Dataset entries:
---------------

(* Let $G=(V,E)$ be a graph of order $n$ such that $\frac{n}{2}<\tau(G)=\tau=n-k$, and let $W$ be its $\tau$-set. If $G[W]\cong K_\tau$, then $\beta_p(G)\le n-\frac{k}{2}$.
   Context: All graphs are finite, simple, undirected and connected. Two vertices $u,v$ are twins if $N(u)\setminus\{v\}=N(v)\setminus\{u\}$; twin classes are the equivalence classes of this relation, and the twin number $\tau(G)$ is the maximum cardinality of a twin class. A $\tau$-set is a set of pairwise twin vertices of cardinality $\tau(G)$. For a partition $\Pi=\{S_1,\dots,S_k\}$ of $V(G)$, $r(u|\Pi)=(d(u,S_1),\dots,d(u,S_k))$ with $d(u,S)=\min_{w\in S}d(u,w)$; $\Pi$ is locating if $r(u|\Pi)\ne r(v|\Pi)$ for all distinct $u,v$; $\beta_p(G)$ is the minimum size of a locating partition. *)

From mathcomp Require Import all_boot all_order.
Set Implicit Arguments. Unset Strict Implicit. Unset Printing Implicit Defensive.

Section Graph.
Variables (T : finType) (e : rel T).

Definition simple_graph := symmetric e /\ irreflexive e.
Definition connected_graph := forall u v : T, connect e u v.

Definition nbhd (u : T) : {set T} := [set w | e u w].

Fixpoint ball (k : nat) (u : T) : {set T} :=
  match k with
  | 0 => [set u]
  | k'.+1 => ball k' u :|: [set y | [exists x in ball k' u, e x y]]
  end.

(* graph distance: least k with v in ball k u (for connected graphs this is
   < #|T|; the fallback value #|T| is never reached then) *)
Definition dist (u v : T) : nat := find (fun k => v \in ball k u) (iota 0 #|T|).

Definition dist_set (u : T) (S : {set T}) : nat :=
  \big[minn/#|T|]_(w in S) dist u w.

Definition twin (u v : T) : bool := (nbhd u :\ v) == (nbhd v :\ u).

Definition twin_class (u : T) : {set T} := [set v | twin u v].

Definition tau : nat := \max_(u : T) #|twin_class u|.

Definition tau_set (W : {set T}) : bool :=
  [forall x in W, forall y in W, twin x y] && (#|W| == tau).

Definition is_clique (W : {set T}) : bool :=
  [forall x in W, forall y in W, (x != y) ==> e x y].

(* locating partition: a partition of V such that distinct vertices have
   distinct distance vectors (r(u|P) <> r(v|P) iff some class separates) *)
Definition locating_partition (P : {set {set T}}) : bool :=
  partition P [set: T] &&
  [forall u, forall v, (u != v) ==> [exists S in P, dist_set u S != dist_set v S]].

Definition beta_p : nat :=
  \big[minn/#|T|]_(P : {set {set T}} | locating_partition P) #|P|.

End Graph.

From mathcomp Require Import all_boot all_order.
From mathcomp Require Import zify.
Set Implicit Arguments. Unset Strict Implicit. Unset Printing Implicit Defensive.
Import Order.TTheory.

(* The vertices of the clique W have a common neighbourhood outside W, and by
   maximality of the twin class no outside vertex is their twin.  Hence every
   outside vertex x adjacent to W has an outside vertex y adjacent to exactly
   one of x and the vertices of W.  These pairs form a graph without isolated
   vertices, so (Ore) a set Y of at most k/2 outside vertices dominates all the
   outside vertices adjacent to W.  Pair each of the k - |Y| <= k < tau other
   outside vertices with its own vertex of W other than a fixed w0, and
   make every remaining vertex a singleton class: this gives at most
   tau + k/2 = n - k/2 classes.  Vertices in different classes are told apart
   by the class of one of them; a pair {w, x} is told apart by the singleton
   {w0} if x is not adjacent to W, and by the singleton {y} of a vertex y of Y
   adjacent to exactly one of w and x otherwise. *)

Section Domination.
Variables (T : finType) (H : rel T).

Definition dominates (A Y : {set T}) := [forall x in A :\: Y, [exists y in Y, H x y]].

Lemma dominatesP (A Y : {set T}) :
  reflect (forall x, x \in A -> x \notin Y -> exists2 y, y \in Y & H x y)
          (dominates A Y).
Proof.
apply: (iffP forall_inP) => [domY x xA xY | domY x].
  by move: (domY x); rewrite !inE xA xY => /(_ isT) /exists_inP.
by rewrite inE => /andP [xY xA]; apply/exists_inP; apply: domY.
Qed.

Hypotheses (H_sym : symmetric H) (H_irr : irreflexive H).
Variables (X A : {set T}).
Hypotheses (sAX : A \subset X) (A_nonisolated : {in A, forall x, exists2 y, y \in X & H x y}).

Lemma dominates_setD_minimal (Y : {set T}) :
  dominates A Y -> {in Y, forall y, ~~ dominates A (Y :\ y)} ->
  dominates A (X :\: Y).
Proof.
move=> /dominatesP domY minY; apply/dominatesP => x xA.
rewrite inE (subsetP sAX _ xA) andbT negbK => xY.
apply/exists_inP; apply: contraNT (minY x xY) => /exists_inPn noXY.
apply/dominatesP => z zA zYx.
have [->|zx] := eqVneq z x.
  have [y yX Hxy] := A_nonisolated xA.
  have yY : y \in Y by apply: contraTT Hxy => yY; apply: noXY; rewrite inE yY yX.
  by exists y => //; rewrite !inE yY andbT; apply: contraTneq Hxy => ->; rewrite H_irr.
have zY : z \notin Y by move: zYx; rewrite !inE zx.
have [y yY Hzy] := domY z zA zY.
exists y => //; rewrite !inE yY andbT; apply: contraTneq Hzy => ->.
by rewrite H_sym; apply: noXY; rewrite inE zY (subsetP sAX).
Qed.

Lemma half_dominating_set :
  exists Y : {set T}, [/\ Y \subset X, 2 * #|Y| <= #|X| & dominates A Y].
Proof.
have exn : exists n, [exists Y : {set T}, [&& Y \subset X, dominates A Y & #|Y| == n]].
  exists #|X|; apply/existsP; exists X; rewrite subxx eqxx andbT /=.
  by apply/dominatesP => x /(subsetP sAX) ->.
case: (ex_minnP exn) => n /existsP [Y /and3P [sYX domY /eqP cY]] minY.
have cardY (Y' : {set T}) : Y' \subset X -> dominates A Y' -> #|Y| <= #|Y'|.
  by move=> sY'X domY'; rewrite cY; apply: minY; apply/existsP; exists Y'; rewrite sY'X domY' eqxx.
exists Y; split => //.
have : #|Y| <= #|X :\: Y|.
  apply: (cardY); first exact: subsetDl.
  apply: dominates_setD_minimal => // y yY; apply: contraTN isT => domYy.
  have := cardY _ (subset_trans (subD1set Y y) sYX) domYy.
  by rewrite (cardsD1 y Y) yY ltnn.
have := subset_leq_card sYX; rewrite cardsD (setIidPr sYX); lia.
Qed.

End Domination.

Lemma exists_injection_in (T1 T2 : finType) (A : {set T1}) (B : {set T2}) (b0 : T2) :
  #|A| <= #|B| -> exists2 g : T1 -> T2, {in A &, injective g} & {in A, forall a, g a \in B}.
Proof.
move=> leAB; pose g a := nth b0 (enum B) (index a (enum A)).
have idx_lt a : a \in A -> index a (enum A) < size (enum B).
  by move=> aA; rewrite -cardE (leq_trans _ leAB) // cardE index_mem mem_enum.
exists g => [a1 a2 a1A a2A /eqP | a aA]; last by rewrite -mem_enum mem_nth ?idx_lt.
rewrite nth_uniq ?enum_uniq ?idx_lt // => /eqP eq_idx.
by rewrite -[a1](nth_index a1 (s := enum A)) ?mem_enum // eq_idx nth_index ?mem_enum.
Qed.

Section Graph.
Variables (T : finType) (e : rel T).

Lemma dist_eq0 u v : (dist e u v == 0) = (u == v).
Proof.
rewrite /dist; have : 0 < #|T| by apply/card_gt0P; exists u.
by case: #|T| => // n _ /=; rewrite !inE [v == u]eq_sym; case: (u == v).
Qed.

Lemma dist_eq1 u v : (dist e u v == 1) = (u != v) && e u v.
Proof.
have [<-|uv] := eqVneq u v; first by rewrite (eqP (etrans (dist_eq0 u u) (eqxx u))).
rewrite /dist; have : 1 < #|T| by apply/card_gt1P; exists u, v.
case: #|T| => [|[|n]] //= _; rewrite !inE [v == u]eq_sym (negbTE uv) /=.
case: existsP => [[x /andP [/set1P -> ->]] //|no_e].
by apply/esym/negP => uv_e; apply: no_e; exists u; rewrite inE eqxx.
Qed.

Lemma dist_le u v : dist e u v <= #|T|.
Proof. by rewrite /dist -[X in _ <= X](size_iota 0) find_size. Qed.

Lemma dist_set1 u y : dist_set e u [set y] = dist e u y.
Proof. by rewrite /dist_set big_set1E; apply/minn_idPl/dist_le. Qed.

Lemma dist_set_eq0 u (S : {set T}) : (dist_set e u S == 0) = (u \in S).
Proof.
apply/idP/idP => [|uS]; last first.
  rewrite -leqn0 -(eqP (etrans (dist_eq0 u u) (eqxx u))).
  by rewrite /dist_set -minEnat; exact: (bigmin_le_cond _ (dist e u) uS).
apply: contraLR; rewrite -lt0n => uS.
apply: (big_ind (fun m => 0 < m)) => [|a b a0 b0|w wS]; first by apply/card_gt0P; exists u.
  by rewrite leq_min a0.
by rewrite lt0n dist_eq0; apply: contraNneq uS => ->.
Qed.

Lemma twin_adj u v x : twin e u v -> x != u -> x != v -> e u x = e v x.
Proof. by move=> /eqP /setP /(_ x); rewrite !inE => + xu xv; rewrite xu xv. Qed.

Lemma tau_set_twin_closed (W : {set T}) w x :
  tau_set e W -> w \in W -> twin e w x -> x \in W.
Proof.
case/andP=> /forall_inP twW /eqP cardW wW twx; apply: contraT => xW.
have : #|x |: W| <= tau e.
  apply: leq_trans (leq_bigmax w); apply/subset_leq_card/subsetP => z.
  rewrite !inE => /predU1P [-> //|zW].
  by move/forall_inP: (twW w wW); apply.
by rewrite cardsU1 xW cardW ltnn.
Qed.

Lemma locating_partition_sep (P : {set {set T}}) :
  partition P [set: T] ->
  (forall u v, u != v -> v \in pblock P u ->
     exists2 S, S \in P & dist_set e u S != dist_set e v S) ->
  locating_partition e P.
Proof.
move=> partP sepP; apply/andP; split=> //.
apply/forallP => u; apply/forallP => v; apply/implyP => uv; apply/exists_inP.
have [/eqP coverP _ _] := and3P partP.
have uP : u \in cover P by rewrite coverP.
case: (boolP (v \in pblock P u)) => [|vu]; first exact: sepP.
exists (pblock P u); first exact: pblock_mem.
have /eqP -> : dist_set e u (pblock P u) == 0 by rewrite dist_set_eq0 mem_pblock.
by rewrite eq_sym dist_set_eq0.
Qed.

Lemma beta_p_le (P : {set {set T}}) : locating_partition e P -> beta_p e <= #|P|.
Proof.
move=> locP; rewrite /beta_p -minEnat.
by have := bigmin_le_cond #|T| (fun Q : {set {set T}} => #|Q|) locP; apply.
Qed.

Section PreimPartition.
Variables (rT : finType) (f : T -> rT).

Lemma card_preim_partition (D : {set T}) : #|preim_partition f D| <= #|f @: D|.
Proof.
have -> : preim_partition f D = (fun l => [set y in D | l == f y]) @: (f @: D).
  by rewrite -imset_comp.
exact: leq_imset_card.
Qed.

Lemma set1_preim_partition y :
  (forall z, f z = f y -> z = y) -> [set y] \in preim_partition f [set: T].
Proof.
move=> fiber_y; apply/imsetP; exists y => //; apply/setP => z.
by rewrite !inE; apply/eqP/eqP => [<-|/esym/fiber_y].
Qed.

Lemma locating_preim_partition :
  (forall u v, u != v -> f u = f v ->
     exists2 y, (forall z, f z = f y -> z = y) & dist e u y != dist e v y) ->
  locating_partition e (preim_partition f [set: T]).
Proof.
move=> sep_f; apply: locating_partition_sep; first exact: preim_partitionP.
move=> u v uv; rewrite pblock_equivalence_partition ?inE //; last first.
  by split=> // /eqP ->.
move=> /eqP /(sep_f u v uv) [y fiber_y uvy].
by exists [set y]; rewrite ?set1_preim_partition // !dist_set1.
Qed.

End PreimPartition.
End Graph.

Section TwinClique.
Variables (T : finType) (e : rel T) (W : {set T}) (w0 : T).
Hypotheses (e_sym : symmetric e) (e_irr : irreflexive e).
Hypotheses (tauW : tau_set e W) (cliqueW : is_clique e W) (w0W : w0 \in W).

Lemma adj_tau_set w x : w \in W -> x \notin W -> e w x = e w0 x.
Proof.
move=> wW xW; case/andP: tauW => /forall_inP /(_ w wW) /forall_inP /(_ w0 w0W) twin_w _.
by apply: twin_adj twin_w _ _; apply: contraNneq xW => ->.
Qed.

(* For [x] adjacent to [w0], [breaks x y] says that [y] is adjacent to exactly
   one of [x] and [w0]; writing [e w0 x && e w0 y] rather than [e w0 y] makes
   the relation symmetric. *)
Definition breaks x y := (x != y) && (e x y != e w0 x && e w0 y).

Lemma breaks_sym : symmetric breaks.
Proof. by move=> x y; rewrite /breaks [x == y]eq_sym e_sym [e w0 x && _]andbC. Qed.

Lemma breaks_irr : irreflexive breaks.
Proof. by move=> x; rewrite /breaks eqxx. Qed.

Lemma breaks_nonisolated :
  {in [set x in ~: W | e w0 x], forall x, exists2 y, y \in ~: W & breaks x y}.
Proof.
move=> x; rewrite !inE => /andP [xW w0x].
apply/exists_inP; apply: contraT => /exists_inPn no_breaker.
suff /(tau_set_twin_closed tauW w0W) : twin e w0 x by rewrite (negbTE xW).
apply/eqP/setP => z; rewrite !inE.
have [zW|zW] := boolP (z \in W).
  have -> : z != x by apply: contraNneq xW => <-.
  rewrite [e x z]e_sym (adj_tau_set zW xW) w0x andbT.
  have [-> | zw0] := eqVneq z w0; first by rewrite e_irr.
  move/forall_inP: cliqueW => /(_ w0 w0W) /forall_inP /(_ z zW) /implyP.
  by rewrite eq_sym zw0 => ->.
have -> : z != w0 by apply: contraNneq zW => ->.
have [-> | zx] := eqVneq z x; first by rewrite e_irr.
by have := no_breaker z; rewrite inE zW /breaks eq_sym zx w0x negbK => /(_ isT) /eqP ->.
Qed.

Section Pairing.
Variables (Y : {set T}) (g : T -> T).
Local Notation Z := (~: W :\: Y).
Hypotheses (sYW : Y \subset ~: W) (domY : dominates breaks [set x in ~: W | e w0 x] Y).
Hypotheses (g_inj : {in Z &, injective g}) (gZ : {in Z, forall x, g x \in W :\ w0}).

Definition pair_up v := if v \in Z then g v else v.

Lemma pair_up_singleton v : v \notin Z -> v \notin W :\ w0 ->
  forall z, pair_up z = pair_up v -> z = v.
Proof.
rewrite /pair_up => vZ vW z; rewrite (negbTE vZ).
by case: ifP => // zZ gzv; move: vW; rewrite -gzv gZ.
Qed.

Lemma pair_up_eq u v : u != v -> pair_up u = pair_up v ->
  (u \in Z) && (g u == v) || (v \in Z) && (g v == u).
Proof.
rewrite /pair_up => uv; case: ifP => uZ; case: ifP => vZ.
- by move/(g_inj uZ vZ)/eqP; rewrite (negbTE uv).
- by move=> <-; rewrite eqxx.
- by move=> ->; rewrite eqxx orbT.
- by move/eqP; rewrite (negbTE uv).
Qed.

Lemma partner_separated x : x \in Z ->
  exists2 y, (forall z, pair_up z = pair_up y -> z = y) & dist e (g x) y != dist e x y.
Proof.
move=> xZ; have := gZ xZ; rewrite !inE => /andP [gx_w0 gxW].
have [xW xY] : x \notin W /\ x \notin Y by move: xZ; rewrite !inE andbC => /andP [].
suff [y fiber_y sep_y] : exists2 y, (forall z, pair_up z = pair_up y -> z = y) &
    (g x != y) && e (g x) y != (x != y) && e x y.
  by exists y => //; apply: contraNneq sep_y => eq_dist; rewrite -!dist_eq1 eq_dist.
have [w0x | w0x] := boolP (e w0 x).
  have [y yY breaks_xy] : exists2 y, y \in Y & breaks x y.
    by apply: (elimT (dominatesP _ _ _) domY); rewrite ?inE ?xW.
  have yW : y \notin W by move/subsetP: sYW => /(_ y yY); rewrite inE.
  exists y.
    by apply: pair_up_singleton; rewrite !inE ?yY ?(negbTE yW) ?andbF.
  move: breaks_xy; rewrite /breaks w0x (adj_tau_set gxW yW) => /andP [-> ].
  have -> : g x != y by apply: contraNneq yW => <-.
  by rewrite /= eq_sym.
exists w0.
  by apply: pair_up_singleton; rewrite !inE ?w0W ?eqxx ?andbF.
have -> : x != w0 by apply: contraNneq xW => ->.
move/forall_inP: cliqueW => /(_ _ gxW) /forall_inP /(_ w0 w0W) /implyP /(_ gx_w0) ->.
by rewrite gx_w0 e_sym (negbTE w0x).
Qed.

Lemma locating_pair_up : locating_partition e (preim_partition pair_up [set: T]).
Proof.
apply: locating_preim_partition => u v uv /(pair_up_eq uv).
case/orP => /andP [xZ /eqP <-]; have [y fiber_y sep_y] := partner_separated xZ.
  by exists y; rewrite // eq_sym.
by exists y.
Qed.

Lemma card_pair_up : #|preim_partition pair_up [set: T]| <= #|W| + #|Y|.
Proof.
apply: leq_trans (card_preim_partition _ _) _.
apply: leq_trans (subset_leq_card (_ : _ \subset W :|: Y)) _; last first.
  by rewrite cardsU leq_subr.
apply/subsetP => _ /imsetP [v _ ->]; rewrite /pair_up inE.
case: ifP => [/gZ | ]; first by rewrite inE => /andP [_ ->].
by rewrite !inE => /negbT; rewrite negb_and !negbK orbC.
Qed.

End Pairing.
End TwinClique.

Theorem theorem16 (T : finType) (e : rel T) (W : {set T}) :
  simple_graph e -> connected_graph e ->
  (#|T| < 2 * tau e)%N ->
  tau_set e W -> is_clique e W ->
  (2 * beta_p e <= 2 * #|T| - (#|T| - tau e))%N.
Proof.
(* Only distances 0 and 1 are ever compared. *)
move=> [e_sym e_irr] _ n_lt_2tau tauW cliqueW.
have cardW : #|W| = tau e by case/andP: tauW => _ /eqP.
have [w0 w0W] : exists w0, w0 \in W by apply/card_gt0P; rewrite cardW; lia.
have sAW : [set x in ~: W | e w0 x] \subset ~: W by rewrite setIdE subsetIl.
have [Y [sYW cardY domY]] := half_dominating_set (breaks_sym w0 e_sym)
  (breaks_irr e w0) sAW (breaks_nonisolated e_sym e_irr tauW cliqueW w0W).
have cardWc := cardsC W.
have cardZ : #|~: W :\: Y| <= #|W :\ w0|.
  by have := subset_leq_card (subsetDl (~: W) Y); have := cardsD1 w0 W; rewrite w0W; lia.
have [g g_inj gZ] := exists_injection_in w0 cardZ.
have := leq_trans (beta_p_le (locating_pair_up e_sym tauW cliqueW w0W sYW domY g_inj gZ))
  (card_pair_up gZ).
lia.
Qed.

---------------

INSTRUCTIONS TO FOLLOW:
Within the entries above, some lines may contain "implyP". Report how many, and nothing else.

RESPONSE TO THE EXERCISE:
3